Even if we were to grant the legitimacy of the ESS or ERAS positions for the sake of argument, we still must ask how useful such terms are for characterizing the relations in question and how this can be squared with the prominence that is accorded to them by their advocates. When characterizing the relationship between the Son and the Father in the New Testament, for instance, subordination, authority, and submission aren't necessarily the most obvious or promising terms to focus upon. Love, revelation, sent, gift, word, or image are a few of the many other terms that might prove more illuminating in this context (without shedding such a sense, the term 'head' might also be discovered to be rather richer than the definition 'authority over' might suggest). The more that terms such as subordination, authority, and submission dominate our account of the relation between the Son and the Father, the more distorted our Trinitarian doctrine can become.
It is this same dangerous tendency to present a one dimensional and reductive account of a richly multifaceted relation that egalitarians can react against in some complementarian accounts of relations between men and women. Within such a one dimensional account, it is indeed hard to see how subordination does not entail inferiority. Unfortunately, this reductive tendency has been encouraged by the fact that complementarian accounts of the sexes have--like egalitarian accounts--largely been developed in the context of controversy, against the foil of and in conflict with the opposing camp's position. The result has been a centralizing of controverted points and a relative neglect of that which exists outside the scope of the controversy. Accounts of the relations between the sexes have become narrowly framed by the question of authority. Without neglecting this question, much could be gained from confining it to its proper place.
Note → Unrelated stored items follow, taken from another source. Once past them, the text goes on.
Lemma two_card_le_five_f_o_line : 2 * #|T| <= 5 * f_o_line e.
Proof.
have d_gt0 : 0 < d := leq_trans (isT : 0 < 4) d_ge4.
have YX : #|Y| <= #|X| := card_stable_le_compl se reg d_gt0 stY.
have XD : #|pivots| + #|rest| = #|X|.
  by rewrite -(cardsID pivots X) (setIidPr pivots_sub).
have := cardsC Y; have := card_pivots; have := rest_le_f_o_line; lia.
Qed.

End OddLineSubgraph.

(* With n = 5q + r and r < 5, integrality of f turns f >= 2n/5 into
   f >= 2q + r/2. *)
Lemma leq_twice_add_div5 (n f : nat) : 2 * n <= 5 * f -> n <= 2 * f + n %/ 5.
Proof.
by move=> le_nf; have := ltn_pmod n (isT : 0 < 5); have := divn_eq n 5; lia.
Qed.

Local Open Scope ring_scope.

Theorem mainTheorem10 (T : finType) (e : rel T) (d : nat) :
  simple_graph e -> regular e d -> (4 <= d)%N ->
  let n := #|T| in
  (n%:R / 2 - (n %/ 5)%:R / 2 <= (f_o_line e)%:R :> rat) /\
  (2 * n%:R / 5 <= n%:R / 2 - (n %/ 5)%:R / 2 :> rat).
Proof.
move=> [se ie] reg d_ge4 n.
have [Y stY domY] := exists_maximal_stable se ie.
have := leq_twice_add_div5 (two_card_le_five_f_o_line se ie reg d_ge4 stY domY).
rewrite -(ler_nat rat) natrD natrM => le_n.
have : ((5 * (n %/ 5))%:R <= n%:R :> rat) by rewrite ler_nat mulnC leq_divM.
by rewrite natrM; split; lra.
Qed.
(* Consider the dynamic trial-offer market with social influence under the quality ranking with $n\ge2$ products, visibilities $v_1\ge v_2\ge\cdots\ge v_n>0$, initial appeals $A_1,\dots,A_n>0$ and qualities $1\ge q_1>q_2>\cdots>q_n\ge 0$. Then almost surely $\frac{d_{1,t}}{\sum_{j=1}^n d_{j,t}}\to1$ as $t\to\infty$, i.e. the market converges almost surely to a monopoly for product 1 (the product of highest quality).
   Context: Dynamic trial-offer market with social influence under the quality ranking: product $i$ is permanently displayed in position $i$ with visibility $v_i$. Let $d_{i,t}$ be the number of purchases of product $i$ before step $t$ ($d_{i,1}=0$) and $a_{i,t}=A_i+d_{i,t}$. At step $t$ one participant tries product $i$ with probability $\frac{v_i a_{i,t}}{\sum_j v_j a_{j,t}}$, then purchases it with probability $q_i$ (independently); if purchased, $d_{i,t+1}=d_{i,t}+1$, all other counts unchanged. The market share of product $i$ at step $t$ is $d_{i,t}/\sum_j d_{j,t}$. *)

From Stdlib Require Import Reals.
Open Scope R_scope.

(* Products are indexed 0..n-1 (paper's product i is index i-1).
   A market state is the vector of purchase counts d : nat -> nat. *)

Fixpoint rsum (n : nat) (f : nat -> R) : R :=
  match n with
  | O => 0
  | S k => rsum k f + f k
  end.

Definition incr (d : nat -> nat) (i : nat) : nat -> nat :=
  fun j => if Nat.eqb j i then S (d j) else d j.

Definition appeal (A : nat -> R) (d : nat -> nat) (i : nat) : R := A i + INR (d i).

Definition ptry (n : nat) (v A : nat -> R) (d : nat -> nat) (i : nat) : R :=
  v i * appeal A d i / rsum n (fun j => v j * appeal A d j).

Definition pbuy (n : nat) (v A q : nat -> R) (d : nat -> nat) (i : nat) : R :=
  ptry n v A d i * q i.

Definition share1 (n : nat) (d : nat -> nat) : R :=
  INR (d 0%nat) / rsum n (fun j => INR (d j)).

(* hitprob n v A q B T s d : probability that, starting at step s in state d
   (d = d_{.,s}) and running the chain for T further steps, there is a step
   s' in [s, s+T] with B s' d_{.,s'} = true. *)
Fixpoint hitprob (n : nat) (v A q : nat -> R) (B : nat -> (nat -> nat) -> bool)
    (T s : nat) (d : nat -> nat) : R :=
  if B s d then 1 else
  match T with
  | O => 0
  | S T' =>
      rsum n (fun i => pbuy n v A q d i * hitprob n v A q B T' (S s) (incr d i))
      + (1 - rsum n (fun i => pbuy n v A q d i)) * hitprob n v A q B T' (S s) d
  end.

Definition far_after (n : nat) (eps : R) (t : nat) : nat -> (nat -> nat) -> bool :=
  fun s d => andb (Nat.leb t s)
                  (if Rlt_dec eps (Rabs (share1 n d - 1)) then true else false).

(* P( exists s with t <= s <= T : |d_{1,s}/sum_j d_{j,s} - 1| > eps ),
   the chain starting at step 1 with d_{.,1} = 0. *)
Definition prob_far (n : nat) (v A q : nat -> R) (eps : R) (t T : nat) : R :=
  hitprob n v A q (far_after n eps t) (T - 1) 1 (fun _ => 0%nat).

(* Almost sure convergence of the share of product 1 to 1, expressed through
   the finite-horizon laws: for every eps > 0,
   P(sup_{s >= t} |X_s - 1| > eps) -> 0 as t -> oo, where
   P(exists s >= t, ...) = sup_T P(exists s in [t,T], ...). *)
Definition as_monopoly (n : nat) (v A q : nat -> R) : Prop :=
  forall eps delta : R, 0 < eps -> 0 < delta ->
    exists t0 : nat, forall t T : nat, (t0 <= t)%nat ->
      prob_far n v A q eps t T <= delta.

(* Two nonnegative supermartingales of the purchase chain control the probability of a late
   excursion of the share of product 1 away from 1, uniformly in the horizon.
   On reachable states each step ends in a purchase with probability at least some pm > 0, so
   (1/2)^N / (1 - pm/2)^t is a supermartingale (N = total sales): after a long time N is large
   with high probability.  Since v_i q_i < v_1 q_1 for i >= 2, exponents c < p can be chosen so
   that a discrete version of d_1^(-c) * sum_(i>=2) d_i^p is a supermartingale.  If the share of
   product 1 is below 1 - eps after N sales, some competitor has at least eps N / (n - 1) sales,
   and this potential is then of order N^(p-c), hence large once N is large. *)

From Stdlib Require Import Reals Lra Lia.
Open Scope R_scope.

Lemma rsum_ext k f g : (forall i, (i < k)%nat -> f i = g i) -> rsum k f = rsum k g.
Proof.
  induction k as [|k IH]; intros Hfg; simpl; [reflexivity|].
  f_equal; [apply IH; intros i Hi|]; apply Hfg; lia.
Qed.

Lemma rsum_le k f g : (forall i, (i < k)%nat -> f i <= g i) -> rsum k f <= rsum k g.
Proof.
  induction k as [|k IH]; intros Hfg; simpl; [lra|].
  apply Rplus_le_compat; [apply IH; intros i Hi|]; apply Hfg; lia.
Qed.

Lemma rsum_add k f g : rsum k (fun i => f i + g i) = rsum k f + rsum k g.
Proof. induction k as [|k IH]; simpl; [|rewrite IH]; ring. Qed.

Lemma rsum_scal k c f : rsum k (fun i => c * f i) = c * rsum k f.
Proof. induction k as [|k IH]; simpl; [|rewrite IH]; ring. Qed.

Lemma rsum_const k c : rsum k (fun _ => c) = INR k * c.
Proof. induction k as [|k IH]; simpl rsum; [simpl; ring|]. rewrite IH, S_INR; ring. Qed.

Lemma rsum_nonneg k f : (forall i, (i < k)%nat -> 0 <= f i) -> 0 <= rsum k f.
Proof.
  intros Hf. replace 0 with (rsum k (fun _ => 0)) by (rewrite rsum_const; ring).
  now apply rsum_le.
Qed.

Lemma rsum_shift k f : (1 <= k)%nat -> rsum k f = f 0%nat + rsum (k - 1) (fun i => f (S i)).
Proof.
  intros Hk. destruct k as [|k]; [lia|]. replace (S k - 1)%nat with k by lia. clear Hk.
  induction k as [|k IH]; simpl in *; [ring|]. rewrite IH; ring.
Qed.

Lemma rsum_update k f g i : (i < k)%nat ->
  (forall j, (j < k)%nat -> j <> i -> g j = f j) -> rsum k g = rsum k f + (g i - f i).
Proof.
  induction k as [|k IH]; intros Hi Hgf; [lia|]. simpl.
  destruct (Nat.eq_dec i k) as [->|Hik].
  - rewrite (rsum_ext k g f) by (intros; apply Hgf; lia). ring.
  - rewrite IH, (Hgf k) by (lia || (intros; apply Hgf; lia)). ring.
Qed.

Lemma rsum_ge_term k f i : (i < k)%nat -> (forall j, (j < k)%nat -> 0 <= f j) -> f i <= rsum k f.
Proof.
  induction k as [|k IH]; intros Hi Hf; simpl; [lia|].
  assert (0 <= rsum k f) by (apply rsum_nonneg; intros; apply Hf; lia).
  destruct (Nat.eq_dec i k) as [->|Hik]; [lra|].
  assert (f i <= rsum k f) by (apply IH; [lia|intros; apply Hf; lia]).
  assert (0 <= f k) by (apply Hf; lia). lra.
Qed.

Lemma rsum_last k f : (1 <= k)%nat -> rsum k f = rsum (k - 1) f + f (k - 1)%nat.
Proof. intros Hk. destruct k as [|k]; [lia|]. simpl. now rewrite Nat.sub_0_r. Qed.

Lemma rsum_le_prefix k k' f : (k <= k')%nat -> (forall i, (i < k')%nat -> 0 <= f i) ->
  rsum k f <= rsum k' f.
Proof.
  intros Hk Hf. induction Hk as [|k' Hk IH]; [lra|]. simpl.
  assert (0 <= f k') by (apply Hf; lia).
  assert (rsum k f <= rsum k' f) by (apply IH; intros; apply Hf; lia). lra.
Qed.

Lemma rsum_le_max_term k f : (1 <= k)%nat -> exists i, (i < k)%nat /\ rsum k f <= INR k * f i.
Proof.
  intros Hk. induction k as [|k IH]; [lia|].
  destruct (Nat.eq_dec k 0) as [->|Hk0]; [exists 0%nat; simpl; split; [lia|lra]|].
  destruct IH as (i & Hi & Hsum); [lia|]. simpl rsum. rewrite S_INR.
  destruct (Rle_lt_dec (f i) (f k)) as [Hik|Hki].
  - exists k. split; [lia|].
    assert (INR k * f i <= INR k * f k) by (apply Rmult_le_compat_l; [apply pos_INR|lra]). lra.
  - exists i. split; [lia|].
    assert (0 <= INR k) by apply pos_INR. nra.
Qed.

Fixpoint rprod (k : nat) (f : nat -> R) : R :=
  match k with O => 1 | S k' => rprod k' f * f k' end.

Lemma rprod_pos k f : (forall j, (j < k)%nat -> 0 < f j) -> 0 < rprod k f.
Proof.
  induction k as [|k IH]; intros Hf; simpl; [lra|].
  apply Rmult_lt_0_compat; [apply IH; intros|]; apply Hf; lia.
Qed.

Lemma rprod_le k f g : (forall j, (j < k)%nat -> 0 <= f j <= g j) -> rprod k f <= rprod k g.
Proof.
  intros Hfg. enough (0 <= rprod k f <= rprod k g) by lra.
  induction k as [|k IH]; simpl; [lra|].
  destruct IH as [IH0 IH1]; [intros; apply Hfg; lia|].
  destruct (Hfg k) as [Hk0 Hk1]; [lia|]. split; [|apply Rmult_le_compat]; nra.
Qed.

Lemma rprod_pow k f e : rprod k f ^ e = rprod k (fun j => f j ^ e).
Proof. induction k as [|k IH]; simpl; [apply pow1|]. now rewrite Rpow_mult_distr, IH. Qed.

Lemma rprod_add a b f : rprod (a + b) f = rprod a f * rprod b (fun j => f (a + j)%nat).
Proof.
  induction b as [|b IH]; simpl; [rewrite Nat.add_0_r; ring|].
  rewrite Nat.add_succ_r; simpl; rewrite IH; ring.
Qed.

Lemma rprod_telescope k z : (forall j, (j <= k)%nat -> z j <> 0) ->
  rprod k (fun j => z (S j) / z j) = z k / z 0%nat.
Proof.
  induction k as [|k IH]; intros Hz; simpl.
  - field. apply Hz; lia.
  - rewrite IH by (intros; apply Hz; lia).
    field. split; apply Hz; lia.
Qed.

Lemma bernoulli_ineq h e : -1 <= h -> 1 + INR e * h <= (1 + h) ^ e.
Proof.
  intros Hh. induction e as [|e IH]; [simpl; lra|]. rewrite S_INR. simpl pow.
  assert (0 <= INR e * h * h) by (pose proof (pos_INR e); nra). nra.
Qed.
Lemma pow_ratio_le w r : 0 < w -> (w / (w + 1)) ^ r <= w / (w + INR r).
Proof.
  intros Hw. pose proof (pos_INR r).
  assert (Hb : 1 + INR r * (1 / w) <= (1 + 1 / w) ^ r)
    by (apply bernoulli_ineq; assert (0 <= 1 / w) by (apply Rle_mult_inv_pos; lra); lra).
  replace (w / (w + 1)) with (/ (1 + 1 / w)) by (field; lra).
  rewrite pow_inv. replace (w / (w + INR r)) with (/ (1 + INR r * (1 / w))) by (field; lra).
  apply Rinv_le_contravar; [|exact Hb].
  assert (0 <= INR r * (1 / w)) by (apply Rmult_le_pos; [lra|apply Rle_mult_inv_pos; lra]). lra.
Qed.

Definition damp_exponent (m r : nat) : R := INR r / (INR (S r) * INR m).

Lemma damp_exponent_nonneg m r : (1 <= m)%nat -> 0 <= damp_exponent m r.
Proof.
  intros Hm. apply Rle_mult_inv_pos; [apply pos_INR|].
  apply Rmult_lt_0_compat; apply lt_0_INR; lia.
Qed.

Lemma damp_factor_pow_ge w m r : 1 <= w -> (1 <= m)%nat ->
  (w / (w + 1)) ^ r <= (1 - damp_exponent m r / (w + INR r)) ^ (m * S r).
Proof.
  intros Hw Hm. unfold damp_exponent. pose proof (pos_INR r). rewrite S_INR.
  assert (Hm' : 1 <= INR m) by (apply (le_INR 1); lia).
  eapply Rle_trans; [apply pow_ratio_le; lra|].
  eapply Rle_trans; [|apply bernoulli_ineq].
  - right. rewrite mult_INR, S_INR. field. lra.
  - assert (INR r / ((INR r + 1) * INR m) / (w + INR r) <= 1); [|lra].
    apply Rmult_le_reg_r with ((INR r + 1) * INR m * (w + INR r));
      [repeat apply Rmult_lt_0_compat; lra|].
    replace (INR r / ((INR r + 1) * INR m) / (w + INR r) * ((INR r + 1) * INR m * (w + INR r)))
      with (INR r) by (field; lra).
    assert (1 <= (INR r + 1) * INR m) by nra. nra.
Qed.

Fixpoint sales (n : nat) (d : nat -> nat) : nat :=
  match n with O => O | S k => (sales k d + d k)%nat end.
There is, furthermore, a great gulf between occasional appeals to a relatively uncontroverted (albeit theologically erroneous) ESS position as a useful counter-example to egalitarian claims that subordination necessarily entails inequality on the one side and determined advocacy of ESS as a disputed doctrine that grounds the submission of women to men upon the submission of the Son to the Father on the other. The second approach unhelpfully entangles our doctrine of the Trinity with our account of relations between the sexes and overloads isolated texts like 1 Corinthians 11:3--a slender bridge that must now support heavy theological traffic--in the theological formulation of both of these positions.
Egalitarians have developed various highly speculative doctrines of the Trinity that conform to their assumptions about ideal communal relations. Such doctrines often weaken the unity of the immanent and the economic Trinity and struggle to do justice to the relational order of taxis. Complementarians are far better placed to criticize egalitarians at these points when they themselves are not invested in tendentious doctrines of the Trinity that supposedly ground their own stance on the sexes.
There are, I believe, genuine grounds for concern that the desire for complementarian co-belligerency and visible consensus against the threat of egalitarianism is preventing some complementarian advocates of ESS from forthrightly addressing serious theological divergences within their own camp. This recent controversy--even though marred by partisanship--has demonstrated that, at its best, the family of complementarian viewpoints can be robust and mutually sharpening in its self-criticism. However, fruitful self-criticism is considerably less likely to occur the more that we are encouraged to circle the wagons and as conflict with non-complementarian opponents dominates our theological horizons.